▶ **Task goal**
Among the lines below, count those with "matrixP". Give only the number.

BEGIN Records for processing

Lemma cvg0_contraction (R : archiRealFieldType) (a b : nat -> R) (c : R) :
  (forall m, 0 <= a m) -> 0 <= c -> c < 1 ->
  (forall m, a m.+1 <= c * a m + b m) ->
  (b m @[m --> \oo] --> 0)%classic -> (a m @[m --> \oo] --> 0)%classic.
Proof.
move=> a_ge0 c_ge0 c_lt1 a_rec /cvgrPdist_lt b_cvg0; apply/cvgrPdist_lt => e e_gt0.
have d_gt0 : 0 < e * (1 - c) / 2 by rewrite divr_gt0 // mulr_gt0 // subr_gt0.
have [N _ b_small] := b_cvg0 _ d_gt0.
(* past [N] the perturbations [b] accumulate to at most [e / 2] *)
have a_bound d : a (N + d)%N <= c ^+ d * a N + e / 2.
  elim: d => [|d IH]; first by rewrite addn0 expr0 mul1r lerDl ltW // divr_gt0.
  have bNd : b (N + d)%N <= e * (1 - c) / 2.
    have := b_small (N + d)%N (leq_addr _ _); rewrite sub0r normrN => /ltW.
    exact: le_trans (ler_norm _).
  rewrite addnS (le_trans (a_rec _)) // (le_trans (lerD (ler_wpM2l c_ge0 IH) bNd)) //.
  rewrite mulrDr mulrA -exprS -addrA lerD2l.
  nra.
have geo_cvg0 : (geometric (a N) c m @[m --> \oo] --> 0)%classic.
  by apply: cvg_geometric; rewrite ger0_norm.
have [N' _ geo_small] :=
  (cvgrPdist_lt _ _).1 geo_cvg0 (e / 2) (divr_gt0 e_gt0 (ltr0Sn _ 1)).
exists (N + N')%N => // m /= Nm.
have -> : m = (N + (m - N))%N by lia.
rewrite sub0r normrN ger0_norm // (le_lt_trans (a_bound _)) //.
have := geo_small (m - N)%N; rewrite /= sub0r normrN /geometric /=.
move=> /(_ ltac:(lia)) /(le_lt_trans (ler_norm _)) geo_lt.
by rewrite [X in _ < X](splitr e) ltrD2r mulrC.
Qed.

Section ScaledPowerDecay.
Variables (R : realType) (n : nat) (A : 'M[R]_n.+1) (t : R) (rs : seq R[i]).
Hypothesis t_gt0 : 0 < t.
Hypothesis char_poly_split :
  char_poly (map_mx (real_complex R) A) = \prod_(z <- rs) ('X - z%:P).
Hypothesis roots_contract : forall z, z \in rs -> t * normc z < 1.

Let Ac := map_mx (real_complex R) A.

(* [W k m = t^m q_k(A) A^m], where [q_k] is the product of the first [k]
   linear factors of the characteristic polynomial: [W 0 m = (t A)^m], and
   [W (size rs) m = 0] by Cayley-Hamilton. *)
Let W k m := (t ^+ m)%:C%C *: horner_mx Ac (\prod_(z <- take k rs) ('X - z%:P) * 'X^m).

Lemma W_size m : W (size rs) m = 0.
Proof.
by rewrite /W take_size -char_poly_split rmorphM /= Cayley_Hamilton mul0r scaler0.
Qed.

Lemma W_recS k m : (k < size rs)%N ->
  W k m.+1 = t%:C%C *: W k.+1 m + (t%:C%C * rs`_k) *: W k m.
Proof.
move=> k_lt; rewrite /W (take_nth 0 k_lt) big_rcons /=.
set q := \prod_(_ <- _) _.
have -> : q * 'X^(m.+1) = q * ('X - (rs`_k)%:P) * 'X^m + (rs`_k) *: (q * 'X^m).
  by rewrite -mul_polyC exprS; ring.
rewrite linearD linearZ /= scalerDr !scalerA exprS rmorphM /=.
by rewrite -!mulrA [rs`_k * _]mulrC.
Qed.

Lemma W_cvg0 k x y : (k <= size rs)%N ->
  (normc (W k m x y) @[m --> \oo] --> 0)%classic.
Proof.
move=> k_le; rewrite -(subKn k_le).
elim: (size rs - k)%N (leq_subr k (size rs)) => [_|d IH d_le].
  rewrite subn0 (_ : (fun m => _) = fun=> 0); first exact: cvg_cst.
  by apply: funext => m; rewrite W_size mxE ComplexField.Normc.normc0.
have d_lt : (size rs - d.+1 < size rs)%N by lia.
have d_succ : (size rs - d.+1).+1 = (size rs - d)%N by lia.
apply: (@cvg0_contraction _ _ (fun m => t * normc (W (size rs - d) m x y))
          (t * normc rs`_(size rs - d.+1))).
- by move=> m; exact: normc_ge0.
- by rewrite mulr_ge0 ?normc_ge0 // ltW.
- by apply: roots_contract; rewrite mem_nth.
- move=> m; rewrite W_recS // d_succ mxE addrC.
  apply: le_trans (le_normcD _ _) _.
  rewrite !mxE !ComplexField.Normc.normcM !normc_real ger0_norm ?(ltW t_gt0) //.
- by rewrite -(mulr0 t); apply: cvgMl_tmp; apply: IH; exact: ltnW.
Qed.

Lemma W0E m x y : normc (W 0 m x y) = `|t ^+ m * (A ^+ m) x y|.
Proof.
rewrite /W take0 big_nil mul1r [horner_mx _ _]rmorphXn /= horner_mx_X -rmorphXn.
by rewrite !mxE -rmorphM normc_real.
Qed.

End ScaledPowerDecay.

Lemma cvg0_scaled_mxpow (R : realType) n (A : 'M[R]_n.+1) (t : R) :
  0 < t -> t * spectral_radius R n.+1 A < 1 ->
  forall x y, ((t ^+ m * (A ^+ m) x y) @[m --> \oo] --> 0)%classic.
Proof.
move=> t_gt0 t_rho x y.
set Ac := map_mx (real_complex R) A.
have [rs rs_split] := closed_field_poly_normal (char_poly Ac).
rewrite (monicP (char_poly_monic _)) scale1r in rs_split.
apply: norm_cvg0.
under eq_fun do rewrite -(W0E A t rs).
apply: W_cvg0 => // z z_rs.
apply: le_lt_trans t_rho; rewrite ler_wpM2l ?(ltW t_gt0) //.
by apply: normc_le_spectral_radius; rewrite map_char_poly rs_split root_prod_XsubC.
Qed.

Section FfunSnoc.
Variable I : finType.

Definition ffun_snoc {m} (g : {ffun 'I_m -> I}) (z : I) : {ffun 'I_m.+1 -> I} :=
  [ffun k => if unlift ord_max k is Some k' then g k' else z].

Lemma ffun_snoc_lift m (g : {ffun 'I_m -> I}) z k :
  ffun_snoc g z (lift ord_max k) = g k.
Proof. by rewrite ffunE liftK. Qed.

Lemma ffun_snoc_max m (g : {ffun 'I_m -> I}) z : ffun_snoc g z ord_max = z.
Proof. by rewrite ffunE unlift_none. Qed.

Lemma sum_ffun_snoc (R : nmodType) m (F : {ffun 'I_m.+1 -> I} -> R) :
  \sum_f F f = \sum_(g : {ffun 'I_m -> I}) \sum_(z : I) F (ffun_snoc g z).
Proof.
rewrite pair_bigA /= (reindex (fun p => ffun_snoc p.1 p.2)) //.
exists (fun f : {ffun 'I_m.+1 -> I} => ([ffun k => f (lift ord_max k)], f ord_max)).
  move=> [g z] _.
  rewrite /= ffun_snoc_max; congr (_, _).
  by apply/ffunP => k; rewrite ffunE ffun_snoc_lift.
move=> f _; apply/ffunP => k; rewrite ffunE.
by case: unliftP => [k'|] ->; rewrite ?ffunE.
Qed.

End FfunSnoc.

Definition path_prod {R : pzSemiRingType} {N m} (M : 'M[R]_N)
    (f : {ffun 'I_m.+1 -> 'I_N}) : R :=
  \prod_(k < m) M (f (widen_ord (leqnSn m) k)) (f (lift ord0 k)).

Lemma path_prod_snoc (R : comPzSemiRingType) N m (M : 'M[R]_N)
    (g : {ffun 'I_m.+1 -> 'I_N}) z :
  path_prod M (ffun_snoc g z) = path_prod M g * M (g ord_max) z.
Proof.
rewrite /path_prod big_ord_recr /=; congr (_ * _).
  apply: eq_bigr => k _.
  have -> : widen_ord (leqnSn m.+1) (widen_ord (leqnSn m) k)
            = lift ord_max (widen_ord (leqnSn m) k).
    by apply: val_inj; rewrite [RHS]lift_max.
  have -> : lift ord0 (widen_ord (leqnSn m) k) = lift ord_max (lift ord0 k).
    by apply: val_inj; rewrite [RHS]lift_max.
  by rewrite !ffun_snoc_lift.
have -> : widen_ord (leqnSn m.+1) ord_max = lift ord_max (ord_max : 'I_m.+1).
  by apply: val_inj; rewrite [RHS]lift_max.
have -> : lift ord0 (ord_max : 'I_m.+1) = ord_max by apply: val_inj.
by rewrite ffun_snoc_lift ffun_snoc_max.
Qed.

Lemma mxpow_path_sum (R : comPzSemiRingType) N (M : 'M[R]_N) m x y :
  (M ^+ m) x y = \sum_(f : {ffun 'I_m.+1 -> 'I_N} | (f ord0 == x) && (f ord_max == y))
                   path_prod M f.
Proof.
elim: m y => [|m IH] y.
  rewrite big_mkcond sum_ffun_snoc /= expr0 mxE.
  have -> : (ord0 : 'I_1) = ord_max by apply: val_inj.
  under eq_bigr do under eq_bigr do rewrite ffun_snoc_max /path_prod big_ord0.
  rewrite sumr_const card_ffun !card_ord expn0 mulr1n -big_mkcond /=.
  case: eqP => [->|/eqP x_neq_y].
    by rewrite (eq_bigl (pred1 y)) ?big_pred1_eq // => z; rewrite andbb.
  by rewrite big_pred0 // => z; apply: contraNF x_neq_y => /andP[/eqP-> /eqP->].
rewrite exprSr mxE [RHS]big_mkcond sum_ffun_snoc /=.
have -> : (ord0 : 'I_m.+2) = lift ord_max ord0 by apply: val_inj.
under [RHS]eq_bigr do under eq_bigr do rewrite ffun_snoc_lift ffun_snoc_max path_prod_snoc.
under eq_bigr do rewrite IH mulr_suml.
rewrite (exchange_big_dep predT) //=.
apply: eq_bigr => g _; case: (g ord0 == x) => /=; last by rewrite !big1.
by rewrite -big_mkcond big_pred1_eq (eq_bigl (pred1 (g ord_max))) ?big_pred1_eq.
Qed.

Lemma prodr_if_forall (R : comPzSemiRingType) (I : finType) (b : pred I) (F : I -> R) :
  \prod_i (if b i then F i else 0) = if [forall i, b i] then \prod_i F i else 0.
Proof.
case: (boolP [forall i, b i]) => [/forallP b_all | /forallPn[i /negbTE b_i]].
  by apply: eq_bigr => i _; rewrite b_all.
by rewrite (bigD1 i) //= b_i mul0r.
Qed.

Lemma only_last_eqE (T : eqType) m (f : {ffun 'I_m.+1 -> T}) (j : T) :
  [forall k : 'I_m.+1, (f k == j) ==> (k == ord_max)] =
  [forall k : 'I_m, f (widen_ord (leqnSn m) k) != j].
Proof.
apply/forallP/forallP => f_j k.
  apply/eqP => fk_j; have := f_j (widen_ord (leqnSn m) k).
  rewrite fk_j eqxx /= => /eqP/(congr1 val) /= k_eq.
  by move: (ltn_ord k); rewrite k_eq ltnn.
apply/implyP => /eqP; case: (unliftP ord_max k) => [k' ->|-> //].
have -> : lift ord_max k' = widen_ord (leqnSn m) k'.
  by apply: val_inj; rewrite [LHS]lift_max.
by move=> fk_j; have := f_j k'; rewrite fk_j eqxx.
Qed.

Section ZeroRowPowers.
Variables (R : pzSemiRingType) (n : nat) (M : 'M[R]_n.+1) (j : 'I_n.+1).
Hypothesis row_j_eq0 : forall y, M j y = 0.

Lemma mxpowSE_zero_row m x y :
  (M ^+ m.+1) x y = \sum_(z < n) (M ^+ m) x (lift j z) * M (lift j z) y.
Proof. by rewrite exprSr mxE (bigD1_ord j) //= row_j_eq0 mulr0 add0r. Qed.

Lemma row'_col'_mxpow m : row' j (col' j (M ^+ m)) = row' j (col' j M) ^+ m.
Proof.
elim: m => [|m IH]; apply/matrixP => k k'.
  by rewrite !expr0 !mxE (inj_eq (@lift_inj _ j)).
by rewrite [in RHS]exprSr !mxE mxpowSE_zero_row; apply: eq_bigr => z _; rewrite -IH !mxE.
Qed.

Lemma row'_col_mxpowS m :
  row' j (col j (M ^+ m.+1)) = row' j (col' j M) ^+ m *m row' j (col j M).
Proof.
apply/matrixP => k l; rewrite !mxE mxpowSE_zero_row.
by apply: eq_bigr => z _; rewrite -row'_col'_mxpow !mxE.
Qed.

End ZeroRowPowers.

Section HittingWalks.
Variables (R : realType) (N : nat) (E : finType).
Variables (ends : E -> 'I_N * 'I_N) (w : E -> R).

Local Notation A := (adjmx R N E ends w).

Lemma sum_edge_choices (t : R) m (a b : 'I_m -> 'I_N) :
  \sum_(g : {ffun 'I_m -> E} | [forall k, joins N E ends (g k) (a k) (b k)])
     \prod_(k < m) (t * w (g k))
  = \prod_(k < m) (t * A (a k) (b k)).
Proof.
under [RHS]eq_bigr do rewrite mxE mulr_sumr big_mkcond.
rewrite bigA_distr_bigA /= big_mkcond; apply: eq_bigr => g _.
by rewrite prodr_if_forall.
Qed.

Definition absorbing_adjmx (t : R) (j : 'I_N) : 'M[R]_N :=
  \matrix_(x, y) if x == j then 0 else t * A x y.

END Records for processing

▶ **Written solution**
2